For the last few weeks I've been working on a side project to create a small library called tidy_email that makes it easier to send email in OCaml. The repository has some example programs illustrating how to connect to different email services. I wanted to make sure that these programs would fail gracefully if configured with the wrong credentials. But when I ran my example SMTP app with an invalid password, I saw this:

Send failed. Details: Error: Stack overflow

I expected to see some sort of "not authorized" message. Why was this happening? This post summarizes how I debugged this problem.

Context

Among email services (like Mailgun, Sendgrid, and Amazon SES) there are typically two ways for a web application to send email: make a request to a REST API or use SMTP. REST APIs are convenient because they expose more features. In particular, when you provide malformed data, the API can respond with a detailed explanation of what the application did incorrectly. On the other hand, SMTP is advantageous if you already have a mail server, want to integrate with a legacy system, or can't be bothered to write a custom REST API integration.

tidy_email provides a simple wrapper around other libraries that handle HTTP requests and/or SMTP. For SMTP, it uses letters, which in turn depends on a library called colombe. At a high level, what I wanted to understand was why letters was experiencing a stack overflow when provided with bad SMTP credentials.

The specific SMTP server I was testing against was provided by Mailgun. I had previously had some difficulties with this server; these came about because Mailgun's implementation doesn't strictly adhere to the relevant RFCs, and I thought something similar might be occurring here.

Gathering Data

I started by cloning the letters and colombe repositories from github.

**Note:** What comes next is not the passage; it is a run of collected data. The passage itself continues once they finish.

(* Let $p$ be an odd prime. If $M$ is a locally finitely generated $A$-module and $x\in M$ satisfies $\Phi_nx=0$ for some $n\ge0$, then $A_nx=0$.
   Context: $A$ is the ring of degree zero stable operations in $p$-local complex $K$-theory. Fix $q$ primitive mod $p^2$, $\Psi^q\in A$ the Adams operation, $q_i=q^{(-1)^i\lfloor i/2\rfloor}$, $\Theta_n(X)=\prod_{i=1}^n(X-q_i)$, $\Phi_n=\Theta_n(\Psi^q)$; every element of $A$ is uniquely a convergent sum $\sum_{n\ge0}a_n\Phi_n$ with $a_n\in\mathbb{Z}_{(p)}$, and $A_m=\{\sum_{n\ge m}a_n\Phi_n\}$. An $A$-module $M$ is locally finitely generated if $Ax$ is finitely generated over $\mathbb{Z}_{(p)}$ for every $x\in M$. *)

From HB Require Import structures.
From mathcomp Require Import all_boot all_order all_algebra.
Set Implicit Arguments. Unset Strict Implicit. Unset Printing Implicit Defensive.
Import Order.TTheory GRing.Theory Num.Theory.
Local Open Scope ring_scope.

Definition Zloc (p : nat) (r : rat) : bool := ~~ (p%:Z %| denq r)%Z.

Definition primitive_mod_p2 (p : nat) (q : int) : Prop :=
  coprimez q p%:Z /\
  forall k : nat, (0 < k)%N -> (k < p * p.-1)%N ->
    ~~ ((p ^ 2)%:Z %| q ^+ k - 1)%Z.

Definition qi (q : int) (i : nat) : rat :=
  (q%:~R : rat) ^ ((-1) ^+ i * (i./2)%:Z).

Definition Theta (q : int) (n : nat) : {poly rat} :=
  \prod_(1 <= i < n.+1) ('X - (qi q i)%:P).

(* Expansion coefficients: tcoef q i f k is the coefficient of
   prod_{j=i+1}^{i+k} (X - q_j) in the expansion of f in that basis. *)
Fixpoint tcoef (q : int) (i : nat) (f : {poly rat}) (k : nat) : rat :=
  match k with
  | 0 => f.[qi q i.+1]
  | k'.+1 => tcoef q i.+1 (f %/ ('X - (qi q i.+1)%:P)) k'
  end.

Fortunately, I already had merlin installed for Emacs. This gave me the ability to jump from a function call in my source code to the function's definition (C-c l). It also allowed me to quickly look up types (C-c t). These hotkeys were invaluable for efficiently working with unfamiliar code.

Before I started digging into the source code, I tried running strace on my test app. This tool produces a log of all system calls made by the app under test. This results in a lot of output; here is an excerpt of what I saw:

read(5, "220 Mailgun Influx ready\r\n", 4096) = 26
read(5, 0x56132a92d460, 4096)           = -1 EAGAIN (Resource temporarily unavailable)
write(5, "EHLO glenmeretechnologies.com\r\n", 31) = 31
getpid()                                = 15565
epoll_wait(3, [{EPOLLIN, {u32=5, u64=8589934597}}], 64, 9879) = 1
read(5, "250-smtp-out-n02.prod.us-west-2."..., 4096) = 144
read(5, 0x56132a92d460, 4096)           = -1 EAGAIN (Resource temporarily unavailable)
write(5, "STARTTLS\r\n", 10)            = 10
getpid()                                = 15565
epoll_wait(3, [{EPOLLIN, {u32=5, u64=8589934597}}], 64, 9840) = 1
read(5, "220 Go ahead\r\n", 4096)       = 14
brk(0x56132a954000)                     = 0x56132a954000
brk(0x56132a975000)                     = 0x56132a975000
brk(0x56132a996000)                     = 0x56132a996000
read(5, 0x56132a92d460, 4096)           = -1 EAGAIN (Resource temporarily unavailable)
write(5, "\26\3\3\2\0\1\0\1\374\3\0033y\374\354\246\200\2749u\7\375P\226\273\37\342|\257\235\277h"..., 517) = 517
getpid()                                = 15565
epoll_wait(3, [{EPOLLIN, {u32=5, u64=8589934597}}], 64, 9796) = 1
read(5, "\26\3\3\0Z\2\0\0V\3\3\22c1v\234\367\0\322fR\230\264\236;\314\f\23\234$\245\33"..., 4096) = 3389
read(5, 0x56132a92d460, 4096)           = -1 EAGAIN (Resource temporarily unavailable)
...
read(5, "", 4096)                       = 0
(last line repeats hundreds of times)

From this output, I was able to glean a couple of things:

My app is successfully connecting to smtp.mailgun.org, as evidenced by the 220 Go ahead message.
The hundreds of read calls seem related to the stack overflow issue. They suggest some sort of infinite loop or that the app is trying to read data that isn't available for some reason.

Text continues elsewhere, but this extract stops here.